I was sweating now, even though the building was cold. I could actually see my breath whispering in and out, like it was trying to escape. They weren’t even bothering with the heat, anymore. I finally reached my locker and leaned against it, and looked down at my shaking hand...and saw a thin trail of blood whisper over its skin.

Aw, no -- no -- I’d been hit? I’d been shot? Dammit.

I almost fainted but caught myself by slamming my head against the locker. Twice. Again. It hurt, but I was back in control, I fumbled with the lock’s combination, running through it three times and smearing blood all over it before I was able to work it right. When it popped open, the noise bounced off the walls.

I heard that shuffling sound, again, and froze to listen. Nothing but silence. Not even breathing.

I slowly pulled off my coat. It didn’t hurt, but something was pulling sharp against my left shoulder. I checked it and saw the shirt to my uniform was soaked with sweat -- and blood. I wiped my face. Blood smeared over it.

God, I wanted a shower. I wanted a shower so bad. Clean the blood off and warm me and --

I heard the shuffling sound, again. Closer. I started to quake, inside. But then I thought, Maybe it’s my partner come looking for me.

“Bobby?” I called. “Bobby, that you?”

Nothing. Not even the shuffling. Until a whisper of a sound came from my right. I turned to find a gunman standing at the end of the lockers, raising a pistol!

Everything clicked into slow-motion as I yanked out my service revolver, dropped to one knee and fired at him.

My first shot hit his left knee. The second ripped through his thigh.
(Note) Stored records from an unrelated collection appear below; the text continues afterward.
(* Let $[X,d,m]$ be a metric random walk space with invariant probability measure $\nu$. Then $[X,d,m]$ with $\nu$ is $m$-connected if and only if $\nu$ is ergodic.
   Context: A metric random walk space $[X,d,m]$ is a Polish metric space $(X,d)$ with a family $m=(m_x)_{x\in X}$ of Borel probability measures, $x\mapsto m_x(A)$ Borel measurable, each with finite first moment. A Radon measure $\nu$ is invariant if $\nu(A)=\int_X m_x(A)d\nu(x)$ for all $\nu$-measurable $A$. Iterates $m_x^{*1}=m_x$, $m_x^{*n}(A)=\int_X m_z(A)dm_x^{*(n-1)}(z)$; $N^m_D=\{x:m_x^{*n}(D)=0\ \forall n\in\mathbb N\}$. The space is $m$-connected if $\nu(N^m_D)=0$ for every $\nu$-measurable $D$ with $0<\nu(D)<\infty$. A Borel set $B$ is invariant for $m$ if $m_x(B)=1$ for every $x\in B$; the invariant probability measure $\nu$ is ergodic if $\nu(B)\in\{0,1\}$ for every invariant set $B$. *)

From HB Require Import structures.
From mathcomp Require Import all_boot all_order all_algebra.
From mathcomp Require Import all_classical all_reals all_analysis measurable_realfun.
Set Implicit Arguments. Unset Strict Implicit. Unset Printing Implicit Defensive.
Import Order.TTheory GRing.Theory Num.Theory.
Local Open Scope classical_set_scope.
Local Open Scope ring_scope.

Section Defs.
Context {R : realType} {dX : measure_display} {X : measurableType dX}.

Definition is_metric (dist : X -> X -> R) : Prop :=
  [/\ forall x y, 0 <= dist x y,
      forall x y, dist x y = 0 <-> x = y,
      forall x y, dist x y = dist y x &
      forall x y z, dist x z <= dist x y + dist y z].

Definition dist_open (dist : X -> X -> R) (U : set X) : Prop :=
  forall x, U x -> exists2 e : R, 0 < e & [set y | dist x y < e] `<=` U.

Definition dist_cauchy (dist : X -> X -> R) (u : nat -> X) : Prop :=
  forall e : R, 0 < e -> exists N : nat,
    forall p q : nat, (N <= p)%N -> (N <= q)%N -> dist (u p) (u q) < e.

Definition dist_complete (dist : X -> X -> R) : Prop :=
  forall u : nat -> X, dist_cauchy dist u ->
    exists l : X, forall e : R, 0 < e -> exists N : nat,
      forall p : nat, (N <= p)%N -> dist (u p) l < e.

Definition dist_separable (dist : X -> X -> R) : Prop :=
  exists S : set X, countable S /\
    forall x (e : R), 0 < e -> exists2 s, S s & dist x s < e.

Definition polish_borel (dist : X -> X -> R) : Prop :=
  [/\ is_metric dist, dist_complete dist, dist_separable dist &
      (@measurable dX X) = <<s [set U | dist_open dist U] >>].

Definition metric_random_walk_space (dist : X -> X -> R)
    (m : X -> probability X R) : Prop :=
  [/\ polish_borel dist,
      (forall A, measurable A -> measurable_fun [set: X] ((fun x => m x A) : X -> \bar R)) &
      (forall x, (\int[m x]_y (dist x y)%:E < +oo)%E)].

Definition invariant_measure (m : X -> probability X R)
    (nu : set X -> \bar R) : Prop :=
  forall A, measurable A -> nu A = (\int[nu]_x m x A)%E.

(* Iterates: mstar k x = m_x^{*(k+1)}, i.e. mstar 0 x = m_x and
   m_x^{*(n)}(A) = \int m_z(A) dm_x^{*(n-1)}(z). *)
Fixpoint mstar (m : X -> probability X R) (k : nat) : X -> set X -> \bar R :=
  match k with
  | 0%N => fun x A => m x A
  | k'.+1 => fun x A => (\int[mstar m k' x]_z m z A)%E
  end.

Definition NmD (m : X -> probability X R) (D : set X) : set X :=
  [set x | forall k : nat, mstar m k x D = 0%E].

Definition m_connected (m : X -> probability X R) (nu : set X -> \bar R) : Prop :=
  forall D, measurable D -> (0 < nu D)%E -> (nu D < +oo)%E -> nu (NmD m D) = 0%E.

Definition invariant_set (m : X -> probability X R) (B : set X) : Prop :=
  measurable B /\ forall x, B x -> m x B = 1%E.

Definition ergodic (m : X -> probability X R) (nu : set X -> \bar R) : Prop :=
  forall B, invariant_set m B -> nu B = 0%E \/ nu B = 1%E.

End Defs.

From HB Require Import structures.
From mathcomp Require Import all_boot all_order all_algebra.
From mathcomp Require Import all_classical all_reals all_analysis measurable_realfun.
Set Implicit Arguments. Unset Strict Implicit. Unset Printing Implicit Defensive.
Import Order.TTheory GRing.Theory Num.Theory.
Local Open Scope classical_set_scope.
Local Open Scope ring_scope.

(* An invariant set B is never left by the walk, so B is contained in
   N^m_(X \ B); m-connectedness applied to D = X \ B then forces nu(B) to be 0
   or 1.  Conversely, N^m_D is an invariant set: for x in N^m_D,
   0 = m_x^{*(k+1)}(D) = \int m_y^{*k}(D) dm_x(y), so m_y^{*k}(D) = 0 for
   m_x-almost every y and every k.  By ergodicity nu(N^m_D) is 0 or 1, and 1 is
   impossible when nu(D) > 0, because by invariance
   nu(D) = \int m_x(D) dnu(x) and m_x(D) vanishes on N^m_D. *)

Section measure_lemmas.
Local Open Scope ereal_scope.
Context d (T : measurableType d) (R : realType).

Lemma probability_setC_eq0 (P : probability T R) (A : set T) :
  measurable A -> P (~` A) = 0 <-> P A = 1.
Proof.
move=> mA; rewrite probability_setC //; split => [/eqP|->]; last exact: subee.
by rewrite sube_eq // add0e => /eqP <-.
Qed.

Lemma integral_eq0_nullC (mu : {measure set T -> \bar R}) (A : set T)
    (f : T -> \bar R) :
  measurable A -> mu (~` A) = 0 -> measurable_fun [set: T] f ->
  (forall x, A x -> f x = 0) -> \int[mu]_x f x = 0.
Proof.
move=> mA muAC0 mf f0.
rewrite (@ae_eq_integral _ _ _ mu _ (cst 0)) ?integral0 //.
exists (~` A); split => //; first exact: measurableC.
by move=> x /= /not_implyP[_]; apply: contra_not => /f0.
Qed.

Lemma ge0_integral_eq0_negligible (mu : {measure set T -> \bar R})
    (f : T -> \bar R) :
  measurable_fun [set: T] f -> (forall x, 0 <= f x) ->
  \int[mu]_x f x = 0 -> mu.-negligible [set x | f x != 0].
Proof.
move=> mf f0 intf0.
have /(ae_eq_integral_abs mu measurableT mf).1 : \int[mu]_x `|f x| = 0.
  by under eq_integral do rewrite gee0_abs //.
by apply: negligibleS => x /= /eqP fx0 /(_ I).
Qed.

End measure_lemmas.

Section iterated_kernel.
Local Open Scope ereal_scope.
Context {R : realType} {dX : measure_display} {X : measurableType dX}
  (m : X -> probability X R).
Hypothesis measurable_m :
  forall A, measurable A -> measurable_fun [set: X] (fun x => m x A).

Definition m_kernel (x : X) : {measure set X -> \bar R} := m x.

HB.instance Definition _ := isKernel.Build _ _ X X R m_kernel measurable_m.
HB.instance Definition _ := Kernel_isProbability.Build _ _ X X R m_kernel
  (fun x => probability_setT (m x)).

Fixpoint mstar_kernel (k : nat) : R.-spker X ~> X :=
  if k is k'.+1 then
    SubProbabilityKernel.clone _ _ X X R
      (mkcomp_noparam (mstar_kernel k') m_kernel) _
  else m_kernel.

Lemma mstar_kernelE k x : mstar m k x = mstar_kernel k x.
Proof. by elim: k x => [//|k IH] x /=; apply/funext => A; rewrite IH. Qed.

Lemma integral_mstar_kernelS k x (f : X -> \bar R) :
  (forall y, 0 <= f y) -> measurable_fun [set: X] f ->
  \int[mstar_kernel k.+1 x]_y f y = \int[mstar_kernel k x]_y \int[m y]_z f z.
Proof.
(* [mkcomp_noparam l k] is [kcomp l (k \o snd)], and [k \o snd] is the
   s-finite kernel [kernel_snd k] of the library. *)
move=> f0 mf; exact: (integral_kcomp (mstar_kernel k)
  (mathcomp.analysis.kernel.kernel_snd m_kernel) x f0 mf).
Qed.

Lemma integral_mstar_kernelSr k x (f : X -> \bar R) :
  (forall y, 0 <= f y) -> measurable_fun [set: X] f ->
  \int[mstar_kernel k.+1 x]_y f y = \int[m x]_y \int[mstar_kernel k y]_z f z.
Proof.
elim: k x f => [|k IH] x f f0 mf; first exact: integral_mstar_kernelS.
rewrite integral_mstar_kernelS // IH; last 2 first.
- by move=> y; exact: integral_ge0.
- exact: (measurable_fun_integral_kernel (l := m_kernel)).
by apply: eq_integral => y _; rewrite integral_mstar_kernelS.
Qed.

Lemma measurable_mstar k A :
  measurable A -> measurable_fun [set: X] (fun x => mstar m k x A).
Proof.
move=> mA; have -> : (fun x => mstar m k x A) = mstar_kernel k ^~ A.
  by apply/funext => x; rewrite mstar_kernelE.
exact: measurable_kernel.
Qed.

Lemma mstar_ge0 k x A : 0 <= mstar m k x A.
Proof. by rewrite mstar_kernelE. Qed.

Lemma mstarSr k x A :
  measurable A -> mstar m k.+1 x A = \int[m x]_y mstar m k y A.
Proof.
move=> mA; rewrite mstar_kernelE -[A in LHS]setIT -integral_indic //.
rewrite integral_mstar_kernelSr //; last first.
  exact/measurable_EFinP/measurable_indic.
by apply: eq_integral => y _; rewrite integral_indic // setIT mstar_kernelE.
Qed.

Lemma measurable_NmD D : measurable D -> measurable (NmD m D).
Proof.
move=> mD.
have -> : NmD m D = \bigcap_k ((fun x => mstar m k x D) @^-1` [set 0]).
  by apply/seteqP; split => [x NDx k _|x NDx k] //=; exact: NDx.
apply: bigcapT_measurable => k; rewrite -[_ @^-1` _]setTI.
exact: measurable_mstar mD measurableT [set 0] (emeasurable_set1 _).
Qed.

Lemma invariant_set_NmD D : measurable D -> invariant_set m (NmD m D).
Proof.
move=> mD; have mN := measurable_NmD mD; split => // x NDx.
apply/(probability_setC_eq0 (m x) mN)/negligibleP; first exact: measurableC.
apply: (negligibleS (A := \bigcup_k [set y | mstar m k y D != 0])).
  by move=> y /= /existsNP[k /eqP NDyk]; exists k.
apply: negligible_bigcup => k; apply: ge0_integral_eq0_negligible.
- exact: measurable_mstar.
- by move=> y; exact: mstar_ge0.
- by rewrite -mstarSr //; exact: NDx.
Qed.

Lemma invariant_set_subset_NmDC B : invariant_set m B -> B `<=` NmD m (~` B).
Proof.
move=> [mB Binv] x Bx k; have mBC := measurableC mB.
have escape0 y : B y -> m y (~` B) = 0 by move/Binv/(probability_setC_eq0 _ mB).
elim: k x Bx => [|k IH] x Bx; first exact: escape0.
rewrite mstarSr //; apply: (integral_eq0_nullC (A := B)) => //.
- exact: escape0.
- exact: measurable_mstar.
Qed.

End iterated_kernel.

Unset Implicit Arguments.

Theorem theorem2p19 (R : realType) (dX : measure_display) (X : measurableType dX)
    (dist : X -> X -> R) (m : X -> probability X R) (nu : probability X R) :
  metric_random_walk_space dist m ->
  invariant_measure m nu ->
  (m_connected m nu <-> ergodic m nu).
Proof.
move=> [_ measurable_m _] nu_inv; split => [conn B invB | erg D mD nuD_gt0 _].
- have mB : measurable B := invB.1.
  have [nuBC0|nuBC_neq0] := eqVneq (nu (~` B)) 0%E.
    by right; exact/(probability_setC_eq0 _ mB).
  have mN := measurable_NmD measurable_m (measurableC mB).
  have BN := invariant_set_subset_NmDC measurable_m invB.
  left; apply: (subset_measure0 mB mN BN).
  apply: conn; first exact: measurableC.
  + by rewrite lt0e nuBC_neq0 measure_ge0.
  + by rewrite (le_lt_trans (probability_le1 _ (measurableC mB))) ?ltry.
- have invN := invariant_set_NmD measurable_m mD.
  have [//|nuN1] := erg _ invN.
  suff nuD0 : nu D = 0%E by rewrite nuD0 ltxx in nuD_gt0.
  rewrite nu_inv //; apply: (integral_eq0_nullC (A := NmD m D)).
  - exact: invN.1.
  - exact/(probability_setC_eq0 _ invN.1).
  - exact: measurable_m.
  - by move=> y /(_ 0%N).
Qed.
Definition flow (K : chain) (W : seq step) (c : chain) : chain :=
  lin (fun n => cadd (cadd [set n] (lin (bd K) (Vmap W n)))
                     (lin (Vmap W) (bd K n))) c.
Definition coflow (K : chain) (W : seq step) (c : chain) : chain :=
  lin (fun n => cadd (cadd [set n] (lin (cobd K) (Vstar W n)))
                     (lin (Vstar W) (cobd K n))) c.

Definition stab (F : chain -> chain) (c d : chain) : Prop :=
  exists i, iter i.+1 F c = iter i F c /\ iter i F c = d.

(* characterization of the reference map (the unique such map) *)
Definition is_reference (K : chain) (W : seq step) (f : simplex -> chain) : Prop :=
  (forall s, s \in K -> f s \subset crit W :&: skel K (#|s|.-1)) /\
  (forall n, n \in crit W -> f n = [set n]) /\
  (forall t, t \in K -> upper_reg W t -> f t = set0 /\ lin f (bd K t) = set0).

(* characterization of the coreference map (the unique such map) *)
Definition is_coreference (K : chain) (W : seq step) (g : simplex -> chain) : Prop :=
  (forall s, s \in K -> g s \subset crit W :&: skel K (#|s|.-1)) /\
  (forall n, n \in crit W -> g n = [set n]) /\
  (forall s, s \in K -> lower_reg W s -> g s = set0 /\ lin g (cobd K s) = set0).

Definition ext_up (K : chain) (g : simplex -> chain) (k : simplex) : chain :=
  [set n in K | k \in g n].
Definition ext_down (K : chain) (f : simplex -> chain) (k : simplex) : chain :=
  [set n in K | k \in f n].

Definition Obar (K : chain) (W : seq step) (g : simplex -> chain) (p : nat)
  (c : chain) : Prop :=
  exists2 d : chain, d \subset crit W :&: skel K p & lin (ext_up K g) d = c.
Definition Ounder (K : chain) (W : seq step) (f : simplex -> chain) (p : nat)
  (c : chain) : Prop :=
  exists2 d : chain, d \subset crit W :&: skel K p & lin (ext_down K f) d = c.

End Morse.

From mathcomp Require Import all_boot zify.
Set Implicit Arguments. Unset Strict Implicit. Unset Printing Implicit Defensive.

(* Write the flow as Phi c = c + d V c + V d c.  If Phi c = c then d V c = V d c.
   A lower regular simplex s of c added at the latest step lies in d V c, since
   by acyclicity its partner is the only simplex of V c having s as a face; but
   V d c consists of upper regular simplices.  Hence V c = 0, and then V d c = 0;
   conversely these two conditions give Phi c = c.  The defining properties of
   the coreference map say exactly that the extension of a critical chain
   satisfies both conditions.  A chain satisfying them is the extension of its
   critical part: the difference of the two consists of upper regular simplices,
   and the partner of the latest one would be a lower regular simplex of its
   boundary.  The coflow is the flow of the transposed matching for the
   coboundary, with the order of the steps reversed, so the same argument
   applies. *)

Section ChainAlgebra.
Variable V : finType.
Notation simplex := {set V}.
Notation chain := {set {set V}}.

Lemma in_lin (F : simplex -> chain) (c : chain) t :
  (t \in lin F c) = \big[addb/false]_(s in c) (t \in F s).
Proof.
rewrite inE -sum1_card (eq_bigl (fun s => (s \in c) && (t \in F s))) => [|s].
  rewrite big_mkcondr /= (big_morph odd oddD (erefl : odd 0 = false)).
  by apply: eq_bigr => s _; case: (t \in F s).
by rewrite inE.
Qed.
Lemma banach_part_long_space {K : numFieldType} {X : topologicalType}
    {M : completeNormedModType K} :
  long_space X -> archimedean K -> banach_part X M.
Proof.
move=> hX archK; split.
- split; [exact: Ccpt_cst0 | move=> a f g; exact: Ccpt_lincomb
         | exact: Ccpt_bounded | exact: Ccpt_complete].
- by move=> C cC U uU; exists U.
- by move=> E; exact: colim_univ_Ccpt.
- by move=> E; exact: colim_univ_Ccpt.
Qed.

Theorem mainTheorem1 (X : topologicalType) (hX : long_space X) :
  (forall (R : realType) (M : topologicalType) (mul : M -> M -> M)
          (inv : M -> M) (e : M) (rho : M -> M -> R),
     is_topgroup mul inv e -> compatible_metric rho ->
     [/\ (forall C D : set X, compact C -> compact D -> C `<=` D ->
            sub_open e rho (CK e D) (CK e D `\` CK e C)),
         ACP_CK X mul inv e rho &
         forall U : set (X -> M), colim_open e rho U <-> uopen e rho U]) /\
  (forall R : realType,
     (forall M : completeNormedModType R, banach_part X M) /\
     (forall M : completeNormedModType R[i], banach_part X M)).
Proof.
split=> [R M mul inv e rho hG hrho | R].
  have [rho_ge0 rho_eq0 _ _ _] := hrho.
  split=> [C D cC _ _||U].
  - exact: sub_open_CKD hX.1 _ _ rho_ge0 rho_eq0 cC.
  - exact: ACP_CK_long_space.
  - exact: colim_openE hX (archi_archimedean R) U.
have archR := archi_archimedean R.
split=> M; apply: (banach_part_long_space hX) => //.
exact: archimedean_complex.
Qed.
Two more hit an arm and a shoulder.

He got a couple of shots off at me and I felt something punch my side, but then he crashed against an office wall and landed in a sitting position, his leg twisted under him.

I rose slowly, carefully, in complete disbelief, and inched up to him, pistol ready but shaking in my bloody hands, barely under control and hoping to God he wasn’t gonna make another move. I heard voices approaching. Footsteps running. Echoing. So far away and I wished they’d get here, already and --

The guy lifted his gun, unsteady.

I fired, again. The bullet exploded through his skull.

Blood splattered over me. Covered me. I collapsed, about ready to pass out -- and then I saw it.

I saw the gunman’s gold shield.

He was a cop.

A detective!

A uniform had just shot a top dog in police headquarters!

“Man, there’s gonna be hell to pay for that,” I thought as I dropped to my knees and quietly drifted towards darkness.